• _TASK GOAL_: Look in the material below for the line with "Lemma is_outputE g" and the line with "split=> [v|u c", then set down exactly those two lines and all lines between, nothing more.

• _DATA FOR PROCESSING_:
Lemma sat_iso phi en es :
  sat g en es phi <-> sat h (fun n => omap f (en n)) (fun n => f @: es n) phi.
Proof.
have f_inj := bij_inj f_bij; case: f_bij => f' fK f'K.
have imset_upd (e : nat -> {set gV g}) X A :
    (fun n => f @: upd e X A n) = upd (fun n => f @: e n) X (f @: A).
  exact: (map_upd (fun B : {set gV g} => f @: B)).
have imsetK (B : {set gV h}) : f @: (f' @: B) = B.
  by rewrite -imset_comp (eq_imset _ f'K) imset_id.
elim: phi en es => /=.
- move=> s x en es; split=> [[u [-> <-]]|[v []]]; first by exists (f u).
  by case: (en x) => [u|] //= [<-] <-; exists u.
- move=> c x y en es; split=> [[u [v [-> [-> E]]]]|[u' [v' []]]].
    by exists (f u), (f v); rewrite f_edge.
  case: (en x) => [u|] //= [<-] []; case: (en y) => [v|] //= [<-].
  by rewrite f_edge; exists u, v.
- move=> x y en es; split=> [[u [-> ->]]|[v []]]; first by exists (f u).
  by case: (en x) => [u|] //= [<-]; case: (en y) => [u'|] //= [/f_inj ->]; exists u.
- move=> x X en es; split=> [[u [-> H]]|[v []]]; first by exists (f u); rewrite mem_imset.
  by case: (en x) => [u|] //= [<-]; rewrite mem_imset // => H; exists u.
- done.
- by move=> p IH en es; rewrite IH.
- by move=> p IHp q IHq en es; rewrite IHp IHq.
- by move=> p IHp q IHq en es; rewrite IHp IHq.
- move=> x p IH en es; split=> [[u /IH]|[v H]]; first by rewrite map_upd; exists (f u).
  by exists (f' v); apply/IH; rewrite map_upd /= f'K.
- move=> x p IH en es; split=> H v; last by apply/IH; rewrite map_upd; apply: H.
  by move: (H (f' v)) => /IH; rewrite map_upd /= f'K.
- move=> X p IH en es; split=> [[A /IH]|[B H]]; first by rewrite imset_upd; exists (f @: A).
  by exists (f' @: B); apply/IH; rewrite imset_upd imsetK.
- move=> X p IH en es; split=> H B; last by apply/IH; rewrite imset_upd; apply: H.
  by move: (H (f' @: B)) => /IH; rewrite imset_upd imsetK.
Qed.

Lemma imset_set0 : (fun _ : nat => f @: (set0 : {set gV g})) = (fun _ => set0).
Proof. by apply: funext => n; rewrite imset0. Qed.

Lemma sat0_iso phi : sat0 g phi <-> sat0 h phi.
Proof. by rewrite /sat0 sat_iso imset_set0. Qed.

Lemma sat1_iso phi u : sat1 g u phi <-> sat1 h (f u) phi.
Proof. by rewrite /sat1 sat_iso map_upd imset_set0. Qed.

Lemma sat2_iso phi u v : sat2 g u v phi <-> sat2 h (f u) (f v) phi.
Proof. by rewrite /sat2 sat_iso !map_upd imset_set0. Qed.

End Isomorphism.

Lemma iso_sat0 S G (g h : graph S G) phi : iso g h -> sat0 g phi <-> sat0 h phi.
Proof. by case=> f [f_bij [f_lab f_edge]]; exact: sat0_iso f_bij f_lab f_edge phi. Qed.

Section OutputGraph.
Variables (S1 G1 S2 G2 : Type) (t : mso_trans S1 G1 S2 G2).
Implicit Types g : graph S1 G1.

Definition out_nodeb g (p : gV g * copies t) : bool := `[< out_node t g p.1 p.2 >].

Local Notation outV g := {p : gV g * copies t | out_nodeb p}.

Lemma out_nodeP g (n : outV g) : out_node t g (val n).1 (val n).2.
Proof. exact/asboolP/(valP n). Qed.

Definition out_lab g (n : outV g) : S2 := sval (cid (out_nodeP n)).

Lemma out_labP g (n : outV g) : sat1 g (val n).1 (node_f t (val n).2 (out_lab n)).
Proof. by rewrite /out_lab; case: cid => s []. Qed.

Lemma out_lab_eq g (n : outV g) s :
  sat1 g (val n).1 (node_f t (val n).2 s) -> out_lab n = s.
Proof. by move=> Hs; rewrite /out_lab; case: cid => s0 [_ s0_uniq] /=; apply: s0_uniq. Qed.

Lemma out_labE g (n : outV g) s :
  sat1 g (val n).1 (node_f t (val n).2 s) <-> out_lab n = s.
Proof. by split=> [/out_lab_eq|<-] //; exact: out_labP. Qed.

Definition out_edge g (n : outV g) (a : G2) (n' : outV g) : bool :=
  `[< sat2 g (val n).1 (val n').1 (edge_f t (val n).2 (val n').2 a) >].

Definition out_graph g : graph S2 G2 := @Graph S2 G2 (outV g) (@out_edge g) (@out_lab g).

Lemma out_edgeP g (n n' : outV g) a :
  gE (out_graph g) n a n' <-> sat2 g (val n).1 (val n').1 (edge_f t (val n).2 (val n').2 a).
Proof. by split=> /asboolP. Qed.

Lemma is_outputE g h : is_output t g h <-> iso h (out_graph g).
Proof.
split=> [[f [f_inj [f_out [f_lab f_edge]]]] | [F [F_bij [F_lab F_edge]]]].
- have f_outb v : out_nodeb (f v).
    by apply/asboolP/f_out; exists v; rewrite -surjective_pairing.
  exists (fun v => exist _ (f v) (f_outb v)); split.
    apply: inj_surj_bij => [u v /(congr1 val) /f_inj //|n].
    have [v fv] := (f_out _ _).1 (out_nodeP n).
    by exists v; apply: val_inj; rewrite /= fv -surjective_pairing.
  split=> [v|u c v] /=; first exact/out_lab_eq/f_lab.
  exact: asbool_equiv_eqP idP (iff_sym (f_edge u c v)).
- exists (fun v => val (F v)); split; first by move=> u v /val_inj /(bij_inj F_bij).
  split=> [u c|]; last split=> [v|v1 c v2]; last by rewrite -F_edge; exact: out_edgeP.
    split=> [ucP|[v Fv]]; last by have := out_nodeP (F v); rewrite Fv.
    have [F' _ F'K] := F_bij; have ucb : out_nodeb (u, c) by exact/asboolP.
    by exists (F' (exist _ (u, c) ucb)); rewrite F'K.
  by rewrite -F_lab; exact: out_labP.
Qed.

Lemma is_output_graph g : is_output t g (out_graph g).
Proof. exact/is_outputE/iso_refl. Qed.

Lemma out_graph_iso g g' : iso g g' -> iso (out_graph g) (out_graph g').
Proof.
case=> f [f_bij [f_lab f_edge]]; apply/is_outputE.
have [f' fK f'K] := f_bij.
have out_node_f u c : out_node t g u c <-> out_node t g' (f u) c.
  have e s : sat1 g u (node_f t c s) <-> sat1 g' (f u) (node_f t c s).
    exact: sat1_iso f_bij f_lab f_edge _ u.
  by split=> -[s [Hs s_uniq]]; exists s; split=> [|s' /e /s_uniq //]; apply/e.
exists (fun n => (f (val n).1, (val n).2)); split.
  move=> n n' [/(bij_inj f_bij) E1 E2]; apply: val_inj.
  by rewrite [val n]surjective_pairing [val n']surjective_pairing E1 E2.
split=> [u' c|]; last split=> [n|n1 c n2] /=.
- split=> [u'c|[n [<- <-]]]; last exact/out_node_f/out_nodeP.
  have ucb : out_nodeb (f' u', c) by apply/asboolP/out_node_f; rewrite f'K.
  by exists (exist _ (f' u', c) ucb); rewrite /= f'K.
- exact/(sat1_iso f_bij f_lab f_edge)/out_labP.
- by rewrite out_edgeP (sat2_iso f_bij f_lab f_edge).
Qed.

• _WRITTEN SOLUTION_:
Lemma is_outputE g h : is_output t g h <-> iso h (out_graph g).
Proof.
split=> [[f [f_inj [f_out [f_lab f_edge]]]] | [F [F_bij [F_lab F_edge]]]].
- have f_outb v : out_nodeb (f v).
    by apply/asboolP/f_out; exists v; rewrite -surjective_pairing.
  exists (fun v => exist _ (f v) (f_outb v)); split.
    apply: inj_surj_bij => [u v /(congr1 val) /f_inj //|n].
    have [v fv] := (f_out _ _).1 (out_nodeP n).
    by exists v; apply: val_inj; rewrite /= fv -surjective_pairing.
  split=> [v|u c v] /=; first exact/out_lab_eq/f_lab.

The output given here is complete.